匹配来自两个不同数据帧的键 [英] matching keys from two different dataframes
本文介绍了匹配来自两个不同数据帧的键的处理方法,对大家解决问题具有一定的参考价值,需要的朋友们下面随着小编来一起学习吧!
问题描述
我有两个数据框,
df1,
Name Stage Description key
0 Sri 1 Sri is one of the good singer in this two one
1 NaN 2 Thanks for reading two has
2 Ram 1 Ram is two of the good cricket player three
3 ganesh 1 one driver four
4 NaN 2 good buddies NaN
df2,
values
member of four
one of three friends
sri is a cricketer
Rahul has two brothers
如果密钥存在于df2.values中,我想用df2值替换df1 ["key"].
I want to replace the df1["key"] with df2 values, if the key is present in df2.values.

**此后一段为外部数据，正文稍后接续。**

(* For any attacker mixed strategy $\sigma_a$ (a probability distribution over subsets of $C$ of size at most $k_a$), the set function $g(S_d\mid\sigma_a)=\mathbb{E}_{S_a\sim\sigma_a}[f(\emptyset,S_a)-f(S_d,S_a)]$, defined on subsets $S_d\subseteq C$, is monotone and submodular.
   Context: Setting: voters $V$, channels $C$, edge probabilities $p_{uv},q_{uv}\in[0,1]$ (0 for non-edges), known preferences $\theta_v\in\{0,1\}$, and $f(S_d,S_a)=\sum_{v\in V}\theta_v\left(\prod_{u\in S_d}(1-q_{uv})\right)\left(1-\prod_{u\in S_a}(1-p_{uv})\right)$. A set function $h$ is monotone if $h(A\cup\{u\})\ge h(A)$ for all $A,u$, and submodular if $h(B\cup\{u\})-h(B)\le h(A\cup\{u\})-h(A)$ for all $A\subseteq B$ and $u\notin B$. *)

From mathcomp Require Import all_boot all_order all_algebra.
Set Implicit Arguments. Unset Strict Implicit. Unset Printing Implicit Defensive.
Import Order.TTheory GRing.Theory Num.Theory.
Local Open Scope ring_scope.

Section Model.
Variables (R : realFieldType) (V C : finType).

Definition fval (p q : C -> V -> R) (theta : V -> bool) (Sd Sa : {set C}) : R :=
  \sum_(v : V) (theta v)%:R *
     (\prod_(u in Sd) (1 - q u v)) * (1 - \prod_(u in Sa) (1 - p u v)).

Definition mixed_strategy (ka : nat) (sigma : {ffun {set C} -> R}) : Prop :=
  (forall S, 0 <= sigma S) /\ (\sum_(S : {set C}) sigma S = 1) /\
  (forall S : {set C}, (ka < #|S|)%N -> sigma S = 0).

Definition gval (p q : C -> V -> R) (theta : V -> bool) (sigma : {ffun {set C} -> R})
  (Sd : {set C}) : R :=
  \sum_(Sa : {set C}) sigma Sa * (fval p q theta set0 Sa - fval p q theta Sd Sa).

Definition monotone_setfun (h : {set C} -> R) : Prop :=
  forall (A : {set C}) (u : C), h A <= h (u |: A).

Definition submodular_setfun (h : {set C} -> R) : Prop :=
  forall (A B : {set C}) (u : C), A \subset B -> u \notin B ->
    h (u |: B) - h B <= h (u |: A) - h A.
End Model.

From mathcomp Require Import all_boot all_order all_algebra.
From mathcomp Require Import ring.
Set Implicit Arguments. Unset Strict Implicit. Unset Printing Implicit Defensive.
Import Order.TTheory GRing.Theory Num.Theory.
Local Open Scope ring_scope.

(* For fixed S_a, the expected loss f(∅, S_a) - f(S_d, S_a) equals
   sum_v θ_v (1 - prod_{u in S_a} (1 - p_uv)) (1 - prod_{u in S_d} (1 - q_uv)):
   a nonnegative combination of the coverage functions
   S ↦ 1 - prod_{u in S} (1 - q_uv).  A coverage function has marginal gain
   q_uv prod_{u in S} (1 - q_uv), which is nonnegative and shrinks as S grows,
   so it is monotone and submodular; averaging over σ_a is again a nonnegative
   combination, and both properties are preserved by such combinations. *)

Lemma subr01 (R : numDomainType) (x : R) : 0 <= x <= 1 -> 0 <= 1 - x <= 1.
Proof. by case/andP=> x_ge0 x_le1; rewrite subr_ge0 x_le1 gerBl. Qed.

Section SetFunctions.
Variables (R : realFieldType) (C : finType).

Lemma monotone_setfun_conic (I : finType) (c : I -> R) (h : I -> {set C} -> R) :
  (forall i, 0 <= c i) -> (forall i, monotone_setfun (h i)) ->
  monotone_setfun (fun S => \sum_i c i * h i S).
Proof.
move=> c_ge0 h_mono A u /=; apply: ler_sum => i _.
by apply: ler_wpM2l; [exact: c_ge0 | exact: h_mono].
Qed.

Lemma submodular_setfun_conic (I : finType) (c : I -> R) (h : I -> {set C} -> R) :
  (forall i, 0 <= c i) -> (forall i, submodular_setfun (h i)) ->
  submodular_setfun (fun S => \sum_i c i * h i S).
Proof.
move=> c_ge0 h_sub A B u sAB uB /=; rewrite -!sumrB; apply: ler_sum => i _.
by rewrite -!mulrBr; apply: ler_wpM2l; [exact: c_ge0 | exact: h_sub].
Qed.

Section Coverage.
Variable w : C -> R.
Hypothesis w01 : forall u, 0 <= w u <= 1.

Lemma prod_ge0 (S : {set C}) : 0 <= \prod_(u in S) w u.
Proof. by apply: prodr_ge0 => u _; case/andP: (w01 u). Qed.

Lemma prod_le_subset (A B : {set C}) :
  A \subset B -> \prod_(u in B) w u <= \prod_(u in A) w u.
Proof.
move=> sAB; rewrite (big_setID A) /= (setIidPr sAB) -[leRHS]mulr1.
by apply: ler_wpM2l; [exact: prod_ge0 | apply: prodr_ile1 => u _; exact: w01].
Qed.

Lemma coverage_gain (S : {set C}) u : u \notin S ->
  (1 - \prod_(i in u |: S) w i) - (1 - \prod_(i in S) w i)
  = (1 - w u) * \prod_(i in S) w i.
Proof. by move=> uS; rewrite big_setU1 //=; ring. Qed.

Lemma monotone_setfun_coverage : monotone_setfun (fun S => 1 - \prod_(u in S) w u).
Proof. by move=> A u; rewrite lerD2l lerN2; apply: prod_le_subset; exact: subsetUr. Qed.

Lemma submodular_setfun_coverage :
  submodular_setfun (fun S => 1 - \prod_(u in S) w u).
Proof.
move=> A B u sAB uB; have uA : u \notin A by apply: contra uB; exact: subsetP.
rewrite !coverage_gain //; apply: ler_wpM2l; last exact: prod_le_subset.
by case/andP: (subr01 (w01 u)).
Qed.

End Coverage.
End SetFunctions.

Section Model.
Variables (R : realFieldType) (V C : finType).
Variables (p q : C -> V -> R) (theta : V -> bool).
Hypotheses (p01 : forall u v, 0 <= p u v <= 1) (q01 : forall u v, 0 <= q u v <= 1).

Lemma fval_set0_sub (Sd Sa : {set C}) :
  fval p q theta set0 Sa - fval p q theta Sd Sa
  = \sum_v ((theta v)%:R * (1 - \prod_(u in Sa) (1 - p u v)))
           * (1 - \prod_(u in Sd) (1 - q u v)).
Proof. by rewrite /fval -sumrB; apply: eq_bigr => v _; rewrite big_set0; ring. Qed.

Lemma attack_weight_ge0 (Sa : {set C}) v :
  0 <= (theta v)%:R * (1 - \prod_(u in Sa) (1 - p u v)).
Proof.
apply: mulr_ge0; first exact: ler0n.
by rewrite subr_ge0; apply: prodr_ile1 => u _; exact: subr01.
Qed.

Lemma monotone_setfun_loss (Sa : {set C}) :
  monotone_setfun (fun Sd => fval p q theta set0 Sa - fval p q theta Sd Sa).
Proof.
have cover_mono v : monotone_setfun (fun S => 1 - \prod_(u in S) (1 - q u v)).
  by apply: monotone_setfun_coverage => u; exact: subr01.
move=> A u; rewrite !fval_set0_sub.
exact: (monotone_setfun_conic (attack_weight_ge0 Sa) cover_mono A u).
Qed.

Lemma submodular_setfun_loss (Sa : {set C}) :
  submodular_setfun (fun Sd => fval p q theta set0 Sa - fval p q theta Sd Sa).
Proof.
have cover_sub v : submodular_setfun (fun S => 1 - \prod_(u in S) (1 - q u v)).
  by apply: submodular_setfun_coverage => u; exact: subr01.
move=> A B u sAB uB; rewrite !fval_set0_sub.
exact: (submodular_setfun_conic (attack_weight_ge0 Sa) cover_sub sAB uB).
Qed.

End Model.

Theorem mainTheorem4 (R : realFieldType) (V C : finType)
  (p q : C -> V -> R) (theta : V -> bool) (ka : nat)
  (sigma : {ffun {set C} -> R}) :
  (forall u v, 0 <= p u v <= 1) -> (forall u v, 0 <= q u v <= 1) ->
  mixed_strategy ka sigma ->
  monotone_setfun (gval p q theta sigma) /\
  submodular_setfun (gval p q theta sigma).
Proof.
move=> p01 q01 [sigma_ge0 _]; split.
- apply: (monotone_setfun_conic sigma_ge0) => Sa.
  exact: monotone_setfun_loss.
- apply: (submodular_setfun_conic sigma_ge0) => Sa.
  exact: submodular_setfun_loss.
Qed.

I tried, df1["key"]=df2[df2["values"].str.contains("|".join(df2["values"].tolist()),na=False)]
但是我得到的输出顺序相同,
But i am getting the output in the same order,
我想要
output_df,
Name Stage Description key
0 Sri 1 Sri is one of the good singer in this two one of three friends
1 NaN 2 Thanks for reading Rahul has two brothers
2 Ram 1 Ram is two of the good cricket player one of three friends
3 ganesh 1 one driver member of four
4 NaN 2 good buddies NaN
推荐答案
我将使用集合数组,并使用<=
进行子集测试和numpy广播.
I'll use arrays of sets and use <=
for subsetting testing and numpy broadcasting.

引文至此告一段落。